#### [Saved entries]
++++++++++

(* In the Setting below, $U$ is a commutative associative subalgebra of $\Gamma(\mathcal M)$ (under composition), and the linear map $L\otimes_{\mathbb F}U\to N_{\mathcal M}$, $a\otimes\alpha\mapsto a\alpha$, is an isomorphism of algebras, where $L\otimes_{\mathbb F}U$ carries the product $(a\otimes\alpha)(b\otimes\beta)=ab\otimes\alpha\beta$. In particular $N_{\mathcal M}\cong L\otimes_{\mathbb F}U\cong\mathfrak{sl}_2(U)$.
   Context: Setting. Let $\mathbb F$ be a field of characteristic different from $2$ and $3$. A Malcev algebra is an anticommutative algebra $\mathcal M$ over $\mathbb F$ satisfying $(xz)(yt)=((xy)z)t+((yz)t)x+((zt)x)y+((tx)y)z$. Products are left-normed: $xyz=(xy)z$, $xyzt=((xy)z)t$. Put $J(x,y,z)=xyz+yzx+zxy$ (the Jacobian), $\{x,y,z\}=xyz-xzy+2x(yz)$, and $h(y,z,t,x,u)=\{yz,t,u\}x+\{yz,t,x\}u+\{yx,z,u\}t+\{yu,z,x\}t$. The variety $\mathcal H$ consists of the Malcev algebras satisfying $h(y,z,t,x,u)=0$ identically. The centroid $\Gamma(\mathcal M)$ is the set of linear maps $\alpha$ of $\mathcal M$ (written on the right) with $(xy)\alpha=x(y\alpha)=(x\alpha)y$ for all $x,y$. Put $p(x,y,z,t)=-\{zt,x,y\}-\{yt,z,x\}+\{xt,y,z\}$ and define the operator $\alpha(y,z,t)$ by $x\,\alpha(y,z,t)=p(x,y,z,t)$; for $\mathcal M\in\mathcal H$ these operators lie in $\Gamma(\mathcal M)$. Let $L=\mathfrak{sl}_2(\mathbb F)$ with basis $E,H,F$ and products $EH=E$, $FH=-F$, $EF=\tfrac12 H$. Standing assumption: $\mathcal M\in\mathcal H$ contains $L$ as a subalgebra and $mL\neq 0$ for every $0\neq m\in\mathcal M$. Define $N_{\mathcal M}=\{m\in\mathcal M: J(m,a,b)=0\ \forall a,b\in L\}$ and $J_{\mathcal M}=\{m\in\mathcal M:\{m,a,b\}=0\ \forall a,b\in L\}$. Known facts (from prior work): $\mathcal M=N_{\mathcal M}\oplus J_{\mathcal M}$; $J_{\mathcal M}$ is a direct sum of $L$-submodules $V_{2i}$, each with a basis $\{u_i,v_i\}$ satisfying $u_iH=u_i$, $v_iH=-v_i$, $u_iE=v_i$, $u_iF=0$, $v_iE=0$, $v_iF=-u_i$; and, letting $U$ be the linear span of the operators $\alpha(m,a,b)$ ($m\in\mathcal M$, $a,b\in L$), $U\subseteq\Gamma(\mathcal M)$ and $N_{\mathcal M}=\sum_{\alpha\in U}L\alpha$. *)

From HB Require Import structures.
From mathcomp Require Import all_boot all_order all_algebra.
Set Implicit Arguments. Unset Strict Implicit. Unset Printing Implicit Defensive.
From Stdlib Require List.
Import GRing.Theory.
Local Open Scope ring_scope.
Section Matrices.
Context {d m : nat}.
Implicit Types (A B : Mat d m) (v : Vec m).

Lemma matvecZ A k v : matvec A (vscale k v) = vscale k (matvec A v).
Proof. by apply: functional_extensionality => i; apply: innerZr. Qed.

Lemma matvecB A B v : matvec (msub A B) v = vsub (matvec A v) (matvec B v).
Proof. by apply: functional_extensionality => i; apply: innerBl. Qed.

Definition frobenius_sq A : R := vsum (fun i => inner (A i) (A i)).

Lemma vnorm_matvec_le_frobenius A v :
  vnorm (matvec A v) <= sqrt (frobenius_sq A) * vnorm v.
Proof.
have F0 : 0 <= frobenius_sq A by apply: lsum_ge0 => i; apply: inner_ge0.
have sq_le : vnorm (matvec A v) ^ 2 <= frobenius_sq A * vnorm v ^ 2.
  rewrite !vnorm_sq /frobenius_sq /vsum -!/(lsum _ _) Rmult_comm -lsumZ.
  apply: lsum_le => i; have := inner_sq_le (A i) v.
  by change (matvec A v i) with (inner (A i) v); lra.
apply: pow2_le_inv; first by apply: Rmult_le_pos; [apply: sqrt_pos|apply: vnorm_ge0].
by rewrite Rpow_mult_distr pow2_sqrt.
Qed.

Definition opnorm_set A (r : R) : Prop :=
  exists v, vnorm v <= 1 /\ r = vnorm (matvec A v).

++++++++++

#### [Description of the task]
The records above should all be quoted exactly, please.

#### [Solution]
(* In the Setting below, $U$ is a commutative associative subalgebra of $\Gamma(\mathcal M)$ (under composition), and the linear map $L\otimes_{\mathbb F}U\to N_{\mathcal M}$, $a\otimes\alpha\mapsto a\alpha$, is an isomorphism of algebras, where $L\otimes_{\mathbb F}U$ carries the product $(a\otimes\alpha)(b\otimes\beta)=ab\otimes\alpha\beta$. In particular $N_{\mathcal M}\cong L\otimes_{\mathbb F}U\cong\mathfrak{sl}_2(U)$.
   Context: Setting. Let $\mathbb F$ be a field of characteristic different from $2$ and $3$. A Malcev algebra is an anticommutative algebra $\mathcal M$ over $\mathbb F$ satisfying $(xz)(yt)=((xy)z)t+((yz)t)x+((zt)x)y+((tx)y)z$. Products are left-normed: $xyz=(xy)z$, $xyzt=((xy)z)t$. Put $J(x,y,z)=xyz+yzx+zxy$ (the Jacobian), $\{x,y,z\}=xyz-xzy+2x(yz)$, and $h(y,z,t,x,u)=\{yz,t,u\}x+\{yz,t,x\}u+\{yx,z,u\}t+\{yu,z,x\}t$. The variety $\mathcal H$ consists of the Malcev algebras satisfying $h(y,z,t,x,u)=0$ identically. The centroid $\Gamma(\mathcal M)$ is the set of linear maps $\alpha$ of $\mathcal M$ (written on the right) with $(xy)\alpha=x(y\alpha)=(x\alpha)y$ for all $x,y$. Put $p(x,y,z,t)=-\{zt,x,y\}-\{yt,z,x\}+\{xt,y,z\}$ and define the operator $\alpha(y,z,t)$ by $x\,\alpha(y,z,t)=p(x,y,z,t)$; for $\mathcal M\in\mathcal H$ these operators lie in $\Gamma(\mathcal M)$. Let $L=\mathfrak{sl}_2(\mathbb F)$ with basis $E,H,F$ and products $EH=E$, $FH=-F$, $EF=\tfrac12 H$. Standing assumption: $\mathcal M\in\mathcal H$ contains $L$ as a subalgebra and $mL\neq 0$ for every $0\neq m\in\mathcal M$. Define $N_{\mathcal M}=\{m\in\mathcal M: J(m,a,b)=0\ \forall a,b\in L\}$ and $J_{\mathcal M}=\{m\in\mathcal M:\{m,a,b\}=0\ \forall a,b\in L\}$. Known facts (from prior work): $\mathcal M=N_{\mathcal M}\oplus J_{\mathcal M}$; $J_{\mathcal M}$ is a direct sum of $L$-submodules $V_{2i}$, each with a basis $\{u_i,v_i\}$ satisfying $u_iH=u_i$, $v_iH=-v_i$, $u_iE=v_i$, $u_iF=0$, $v_iE=0$, $v_iF=-u_i$; and, letting $U$ be the linear span of the operators $\alpha(m,a,b)$ ($m\in\mathcal M$, $a,b\in L$), $U\subseteq\Gamma(\mathcal M)$ and $N_{\mathcal M}=\sum_{\alpha\in U}L\alpha$. *)

From HB Require Import structures.
From mathcomp Require Import all_boot all_order all_algebra.
Set Implicit Arguments. Unset Strict Implicit. Unset Printing Implicit Defensive.
From Stdlib Require List.
Import GRing.Theory.
Local Open Scope ring_scope.
Section Matrices.
Context {d m : nat}.
Implicit Types (A B : Mat d m) (v : Vec m).

Lemma matvecZ A k v : matvec A (vscale k v) = vscale k (matvec A v).
Proof. by apply: functional_extensionality => i; apply: innerZr. Qed.

Lemma matvecB A B v : matvec (msub A B) v = vsub (matvec A v) (matvec B v).
Proof. by apply: functional_extensionality => i; apply: innerBl. Qed.

Definition frobenius_sq A : R := vsum (fun i => inner (A i) (A i)).

Lemma vnorm_matvec_le_frobenius A v :
  vnorm (matvec A v) <= sqrt (frobenius_sq A) * vnorm v.
Proof.
have F0 : 0 <= frobenius_sq A by apply: lsum_ge0 => i; apply: inner_ge0.
have sq_le : vnorm (matvec A v) ^ 2 <= frobenius_sq A * vnorm v ^ 2.
  rewrite !vnorm_sq /frobenius_sq /vsum -!/(lsum _ _) Rmult_comm -lsumZ.
  apply: lsum_le => i; have := inner_sq_le (A i) v.
  by change (matvec A v i) with (inner (A i) v); lra.
apply: pow2_le_inv; first by apply: Rmult_le_pos; [apply: sqrt_pos|apply: vnorm_ge0].
by rewrite Rpow_mult_distr pow2_sqrt.
Qed.

Definition opnorm_set A (r : R) : Prop :=
  exists v, vnorm v <= 1 /\ r = vnorm (matvec A v).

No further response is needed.